Flying with Angels

This is a tender, violent, compassionate story about the joys and  agonies of growing old.

It is 1845, and Martha Morgan, Mistress of Plas  Ingli, is feeling her age. She receives warnings that she should take  care. Her beloved estate collapses, and she has to call upon her deepest  reserves of strength in order to survive.

But her misery is lessened  when she meets a travelling evangelist on the summit of Angel Mountain.  It turns out that the fate of Amos Jones Minor Prophet is inextricably  bound up with her own. Martha may be a grandmother and a widow, but she  still has an appetite for sex. A single indiscretion in Tycanol Wood  splits the community and tests the loyalty of friends and family to the  limit, and starts a drift towards the final tragic episodes of Martha s  life.

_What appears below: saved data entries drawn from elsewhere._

(* Let $\Omega\subset\mathbb{C}^d$ be a complete Kobayashi hyperbolic domain. Then for every $o\in\Omega$, $x\in\partial\Omega$ and $R>0$, the set $H^b_o(x,R)$ is nonempty. Moreover, if $\Omega$ is bounded, then $\overline{H^b_o(x,R)}\cap\partial\Omega$ is nonempty.
   Context: For a Kobayashi hyperbolic domain $\Omega\subset\mathbb{C}^d$ with Kobayashi distance $\mathsf{k}_\Omega$, $x\in\partial\Omega$, $o\in\Omega$, $R>0$: $H^b_o(x,R)=\{z\in\Omega:\liminf_{w\to x}(\mathsf{k}_\Omega(z,w)-\mathsf{k}_\Omega(o,w))<\tfrac12\log R\}$; closure in $\mathbb{C}^d$. Complete Kobayashi hyperbolic means $(\Omega,\mathsf{k}_\Omega)$ is Cauchy complete. *)

From Stdlib Require Import Reals.
From Stdlib Require Fin.
From Coquelicot Require Import Coquelicot.
Open Scope R_scope.

Definition Cd (d : nat) := Fin.t d -> C.

(* max-norm neighbourhood (defines the usual Euclidean topology of C^d) *)
Definition near_pt {d : nat} (x w : Cd d) (eps : R) : Prop :=
  forall i : Fin.t d, Cmod (w i - x i)%C < eps.

Definition is_open {d : nat} (U : Cd d -> Prop) : Prop :=
  forall z, U z -> exists eps, 0 < eps /\ forall w, near_pt z w eps -> U w.

Definition is_connected {d : nat} (Om : Cd d -> Prop) : Prop :=
  forall U V : Cd d -> Prop, is_open U -> is_open V ->
    (forall z, Om z -> U z \/ V z) ->
    (exists z, Om z /\ U z) -> (exists z, Om z /\ V z) ->
    exists z, Om z /\ U z /\ V z.

Definition is_domain {d : nat} (Om : Cd d -> Prop) : Prop :=
  is_open Om /\ is_connected Om /\ exists z, Om z.

Definition closure {d : nat} (A : Cd d -> Prop) : Cd d -> Prop :=
  fun x => forall eps, 0 < eps -> exists a, A a /\ near_pt x a eps.

Definition boundary {d : nat} (A : Cd d -> Prop) : Cd d -> Prop :=
  fun x => closure A x /\ ~ A x.

Definition is_bounded {d : nat} (A : Cd d -> Prop) : Prop :=
  exists M, forall z, A z -> forall i, Cmod (z i) <= M.

Definition hol_disc {d : nat} (Om : Cd d -> Prop) (f : C -> Cd d) : Prop :=
  forall z : C, Cmod z < 1 ->
    Om (f z) /\ forall i : Fin.t d, ex_derive (fun u : C => f u i) z.

(* Poincare distance from 0 in the unit disc (curvature -4 convention) *)
Definition poinc0 (zeta : C) : R :=
  / 2 * ln ((1 + Cmod zeta) / (1 - Cmod zeta)).

Fixpoint rsum (n : nat) (a : nat -> R) : R :=
  match n with O => 0 | S m => rsum m a + a m end.

Definition kob_chain_len {d : nat} (Om : Cd d -> Prop) (z w : Cd d) (l : R)
  : Prop :=
  exists (n : nat) (p : nat -> Cd d) (f : nat -> C -> Cd d) (zeta : nat -> C),
    p O = z /\ p n = w /\
    (forall j, (j < n)%nat ->
       hol_disc Om (f j) /\ Cmod (zeta j) < 1 /\
       f j 0%C = p j /\ f j (zeta j) = p (S j)) /\
    l = rsum n (fun j => poinc0 (zeta j)).

Definition kob_dist {d : nat} (Om : Cd d -> Prop) (z w : Cd d) : R :=
  real (Glb_Rbar (kob_chain_len Om z w)).

Definition kob_hyperbolic {d : nat} (Om : Cd d -> Prop) : Prop :=
  forall z w, Om z -> Om w -> z <> w -> 0 < kob_dist Om z w.

Definition kob_complete {d : nat} (Om : Cd d -> Prop) : Prop :=
  forall u : nat -> Cd d, (forall n, Om (u n)) ->
    (forall eps, 0 < eps -> exists N, forall m n, (N <= m)%nat -> (N <= n)%nat ->
        kob_dist Om (u m) (u n) < eps) ->
    exists l, Om l /\ forall eps, 0 < eps -> exists N, forall n, (N <= n)%nat ->
        kob_dist Om (u n) l < eps.

Definition complete_kob_hyperbolic {d : nat} (Om : Cd d -> Prop) : Prop :=
  is_domain Om /\ kob_hyperbolic Om /\ kob_complete Om.

Definition liminf_at {d : nat} (Om : Cd d -> Prop) (x : Cd d) (g : Cd d -> R)
  : Rbar :=
  Lub_Rbar (fun r => exists eps, 0 < eps /\ (forall w, Om w -> near_pt x w eps -> r <= g w)).

Definition horoball {d : nat} (Om : Cd d -> Prop) (o x : Cd d) (Rr : R)
  : Cd d -> Prop :=
  fun z => Om z /\
    Rbar_lt (liminf_at Om x (fun w => kob_dist Om z w - kob_dist Om o w))
            (Finite (/ 2 * ln Rr)).

From Stdlib Require Import Reals Lra Lia FunctionalExtensionality Classical ClassicalEpsilon.
From Stdlib Require Fin.
From Coquelicot Require Import Coquelicot.
Open Scope R_scope.

(* Say that [z] has depth [s] if [liminf_(w -> x) (k(z, w) - k(o, w)) <= - s]; points of depth
   larger than [- log R / 2] lie in the horoball, and [o] has depth [0].  Near a point [z] of
   depth [s], split almost minimal chains from [z] to points [w] close to [x] after a length [t]:
   by hyperbolicity these chains must first leave a Euclidean ball around [z], which costs a
   length bounded below, so for small [t] the splitting points stay in that ball and accumulate
   at a point [z'] with [k(z, z') <= t] and depth [s + t/2].  Hence depths are unbounded: a
   greedy sequence of such steps is Cauchy for [k], and by completeness it converges to a point
   from which one can still step further.  A point of depth [n] is at distance at least [n - 1]
   from [o]; in a bounded domain such points accumulate at some [y], and [y] cannot be interior
   because points Euclidean-close to an interior point are Kobayashi-close to it. *)

Definition poinc (s : R) : R := / 2 * ln ((1 + s) / (1 - s)).

Lemma poinc0_poinc (zeta : C) : poinc0 zeta = poinc (Cmod zeta).
Proof. reflexivity. Qed.

Lemma poinc_0 : poinc 0 = 0.
Proof. unfold poinc. replace ((1 + 0) / (1 - 0)) with 1 by field. rewrite ln_1. ring. Qed.

Lemma poinc_lt (s t : R) : 0 <= s < t -> t < 1 -> poinc s < poinc t.
Proof.
  intros Hs Ht. unfold poinc. apply Rmult_lt_compat_l; [lra|].
  apply ln_increasing; [apply Rdiv_lt_0_compat; lra|].
  apply Rmult_lt_reg_r with ((1 - s) * (1 - t)); [apply Rmult_lt_0_compat; lra|].
  replace ((1 + s) / (1 - s) * ((1 - s) * (1 - t))) with ((1 + s) * (1 - t)) by (field; lra).
  replace ((1 + t) / (1 - t) * ((1 - s) * (1 - t))) with ((1 + t) * (1 - s)) by (field; lra).
  nra.
Qed.

Lemma poinc_le (s t : R) : 0 <= s <= t -> t < 1 -> poinc s <= poinc t.
Proof.
  intros Hs Ht. destruct (Req_dec s t) as [->|Hne]; [lra|].
  left. apply poinc_lt; lra.
Qed.

Lemma poinc_ge0 (s : R) : 0 <= s < 1 -> 0 <= poinc s.
Proof. intros Hs. rewrite <- poinc_0. apply poinc_le; lra. Qed.

Lemma poinc0_ge0 (zeta : C) : Cmod zeta < 1 -> 0 <= poinc0 zeta.
Proof. intros H. apply poinc_ge0. pose proof (Cmod_ge_0 zeta). lra. Qed.

Lemma poinc_le_double (t : R) : 0 <= t <= 1 / 2 -> poinc t <= 2 * t.
Proof.
  intros Ht. unfold poinc.
  assert (Hp : 0 < (1 + t) / (1 - t)) by (apply Rdiv_lt_0_compat; lra).
  pose proof (exp_ineq1_le (ln ((1 + t) / (1 - t)))) as H. rewrite exp_ln in H by auto.
  assert ((1 + t) / (1 - t) - 1 <= 4 * t).
  { apply Rmult_le_reg_r with (1 - t); [lra|].
    unfold Rdiv. rewrite Rmult_minus_distr_r, Rmult_assoc, Rinv_l by lra. nra. }
  lra.
Qed.

Lemma poinc_tanh (t : R) : poinc ((exp (2 * t) - 1) / (exp (2 * t) + 1)) = t.
Proof.
  pose proof (exp_pos (2 * t)). unfold poinc.
  replace ((1 + (exp (2 * t) - 1) / (exp (2 * t) + 1)) / (1 - (exp (2 * t) - 1) / (exp (2 * t) + 1)))
    with (exp (2 * t)) by (field; lra).
  rewrite ln_exp. field.
Qed.

(* Moving from [0] to [rho] and then rescaling the disc [D(rho, 1 - rho)] to the unit disc
   gains at least half of the first step. *)
Lemma poinc_split (rho r : R) : 0 <= rho <= r -> r < 1 ->
  poinc ((r - rho) / (1 - rho)) + poinc rho / 2 <= poinc r.
Proof.
  intros Hrho Hr. unfold poinc.
  set (A := (1 + (r - rho) / (1 - rho)) / (1 - (r - rho) / (1 - rho))).
  set (B := (1 + rho) / (1 - rho)). set (Cc := (1 + r) / (1 - r)).
  assert (HA : A = (1 + r - 2 * rho) / (1 - r)) by (unfold A; field; split; lra).
  assert (HAp : 0 < A) by (rewrite HA; apply Rdiv_lt_0_compat; lra).
  assert (HBp : 0 < B) by (apply Rdiv_lt_0_compat; lra).
  assert (HCp : 0 < Cc) by (apply Rdiv_lt_0_compat; lra).
  assert (Hineq : A * A * B <= Cc * Cc).
  { rewrite HA. unfold B, Cc.
    replace ((1 + r - 2 * rho) / (1 - r) * ((1 + r - 2 * rho) / (1 - r)) * ((1 + rho) / (1 - rho)))
      with ((1 + r - 2 * rho) * (1 + r - 2 * rho) * (1 + rho) / ((1 - r) * (1 - r) * (1 - rho)))
      by (field; lra).
    replace ((1 + r) / (1 - r) * ((1 + r) / (1 - r)))
      with ((1 + r) * (1 + r) * (1 - rho) / ((1 - r) * (1 - r) * (1 - rho))) by (field; lra).
    unfold Rdiv. apply Rmult_le_compat_r.
    { apply Rlt_le, Rinv_0_lt_compat. apply Rmult_lt_0_compat; [nra|lra]. }
    assert (0 <= (1 + r) * (1 - r)) by (apply Rmult_le_pos; lra).
    assert (0 <= 2 * rho * (r - rho)) by (apply Rmult_le_pos; lra).
    assert (0 <= 2 * rho * ((1 + r) * (1 - r) + 2 * rho * (r - rho))) by (apply Rmult_le_pos; lra).
    lra. }
  apply ln_le in Hineq; [|apply Rmult_lt_0_compat; auto; apply Rmult_lt_0_compat; auto].
  rewrite !ln_mult in Hineq by (auto; apply Rmult_lt_0_compat; auto). lra.
Qed.

Lemma rsum_S_l (n : nat) (a : nat -> R) :
  rsum (S n) a = a O + rsum n (fun j => a (S j)).
Proof. induction n as [|n IH]; simpl in *; [lra|]. rewrite IH. lra. Qed.

(* Complex derivatives are taken w.r.t. [C] as a normed module over itself; [hol_disc] uses
   the canonical normed-module structure of [C] instead, which has the same topology. *)
Definition cderivable (f : C -> C) (x : C) :=
  @ex_derive C_AbsRing (AbsRing_NormedModule C_AbsRing) f x.

Lemma cderivable_ex_derive (f : C -> C) (x : C) : cderivable f x -> ex_derive f x.
Proof.
  intros [l [[H1 H2 [M HM]] Hdom]]. exists l. split.
  - split; auto. exists M. exact HM.
  - intros y Hy eps. exact (Hdom y Hy eps).
Qed.

Lemma ex_derive_cderivable (f : C -> C) (x : C) : ex_derive f x -> cderivable f x.
Proof.
  intros [l [[H1 H2 [M HM]] Hdom]]. exists l. split.
  - split; auto. exists M. exact HM.
  - intros y Hy eps. exact (Hdom y Hy eps).
Qed.

Lemma is_derive_Cinv (a : C) : a <> 0%C ->
  @is_derive C_AbsRing (AbsRing_NormedModule C_AbsRing) (fun y : C => / y)%C a (- / (a * a))%C.
Proof.
  intros Ha. split; [apply is_linear_scal_l|].
  intros x Hx.
  pose proof (@is_filter_lim_locally_unique C_AbsRing (AbsRing_NormedModule C_AbsRing) a x Hx).
  subst x. intros eps. apply (@locally_le_locally_norm C_AbsRing (AbsRing_NormedModule C_AbsRing)).
  pose proof (cond_pos eps) as Heps.
  assert (Hpa : 0 < Cmod a) by (apply Cmod_gt_0; auto).
  set (del := Rmin (Cmod a / 2) (eps * (Cmod a * Cmod a * Cmod a) / 2)).
  assert (Hdel : 0 < del).
  { apply Rmin_pos; [lra|]. apply Rmult_lt_0_compat; [|lra].
    repeat apply Rmult_lt_0_compat; auto. }
  exists (mkposreal del Hdel). intros y Hy. unfold ball_norm in Hy. simpl in Hy. change C in y.
  change (norm ?u) with (Cmod u) in *. change (minus y a) with (y - a)%C in *.
  assert (Hya : Cmod (y - a) < Cmod a / 2) by (eapply Rlt_le_trans; [apply Hy | apply Rmin_l]).
  assert (Hya2 : Cmod (y - a) < eps * (Cmod a * Cmod a * Cmod a) / 2)
    by (eapply Rlt_le_trans; [apply Hy | apply Rmin_r]).
  assert (Hy0 : Cmod a / 2 <= Cmod y).
  { assert (Cmod a <= Cmod y + Cmod (a - y)).
    { replace a with (y + (a - y))%C at 1 by ring. apply Cmod_triangle. }
    replace (a - y)%C with (- (y - a))%C in H by ring. rewrite Cmod_opp in H. lra. }
  assert (Hyn : y <> 0%C) by (intros E; subst; rewrite Cmod_0 in Hy0; lra).
  change (minus (minus (/ y) (/ a)) (scal (y - a) (- / (a * a))))%C
    with ((/ y - / a) - (y - a) * (- / (a * a)))%C.
  replace ((/ y - / a) - (y - a) * (- / (a * a)))%C with ((y - a) * (y - a) / (y * (a * a)))%C
    by (field; split; auto).
  rewrite Cmod_div by (repeat apply Cmult_neq_0; auto).
  rewrite !Cmod_mult. pose proof (Cmod_ge_0 (y - a)).
  assert (Hpos : 0 < Cmod y * (Cmod a * Cmod a)) by (apply Rmult_lt_0_compat; nra).
  apply Rmult_le_reg_r with (Cmod y * (Cmod a * Cmod a)); [exact Hpos|].
  unfold Rdiv. rewrite Rmult_assoc, Rinv_l, Rmult_1_r by lra.
  assert (Cmod (y - a) <= eps * (Cmod y * (Cmod a * Cmod a))).
  { assert (eps * (Cmod a * Cmod a * Cmod a) / 2 <= eps * (Cmod y * (Cmod a * Cmod a))).
    { replace (eps * (Cmod a * Cmod a * Cmod a) / 2)
        with (eps * ((Cmod a / 2) * (Cmod a * Cmod a))) by field.
      apply Rmult_le_compat_l; [lra|]. apply Rmult_le_compat_r; nra. }
    lra. }
  replace (eps * Cmod (y - a) * (Cmod y * (Cmod a * Cmod a)))
    with (Cmod (y - a) * (eps * (Cmod y * (Cmod a * Cmod a)))) by ring.
  apply Rmult_le_compat_l; auto.
Qed.

Lemma cderivable_plus (f g : C -> C) x :
  cderivable f x -> cderivable g x -> cderivable (fun y => f y + g y)%C x.
Proof.
  intros [l1 H1] [l2 H2]. exists (plus l1 l2).
  exact (@is_derive_plus C_AbsRing (AbsRing_NormedModule C_AbsRing) f g x l1 l2 H1 H2).
Qed.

While Martha is dealing with these personal crises, she is also  drawn to help the peasants caught up in the Irish Potato Famine. A  shipwreck on the coast near Newport gives her the opportunity to do  something practical, but in the process she offends the secret Society  of Sea Serjeants. Her family tries to protect her from evil men who are  driven by ancient family animosities. But her fighting spirit is  stronger than her body, and she takes them on.

It becomes clear that  Martha will not die in her bed; nor does she, but in the final act of  her exciting life there are breathless twists and turns which confound  her enemies and leave her undefeated.

This is Brian's favourite book out of the eight written thus far -- maybe because he was drawn into it much more emotionally than into any of the others. After all, it is about the end of Martha's life, and in writing about the declining years of a heroine as feisty as she, a contemplation of mortality becomes inevitable!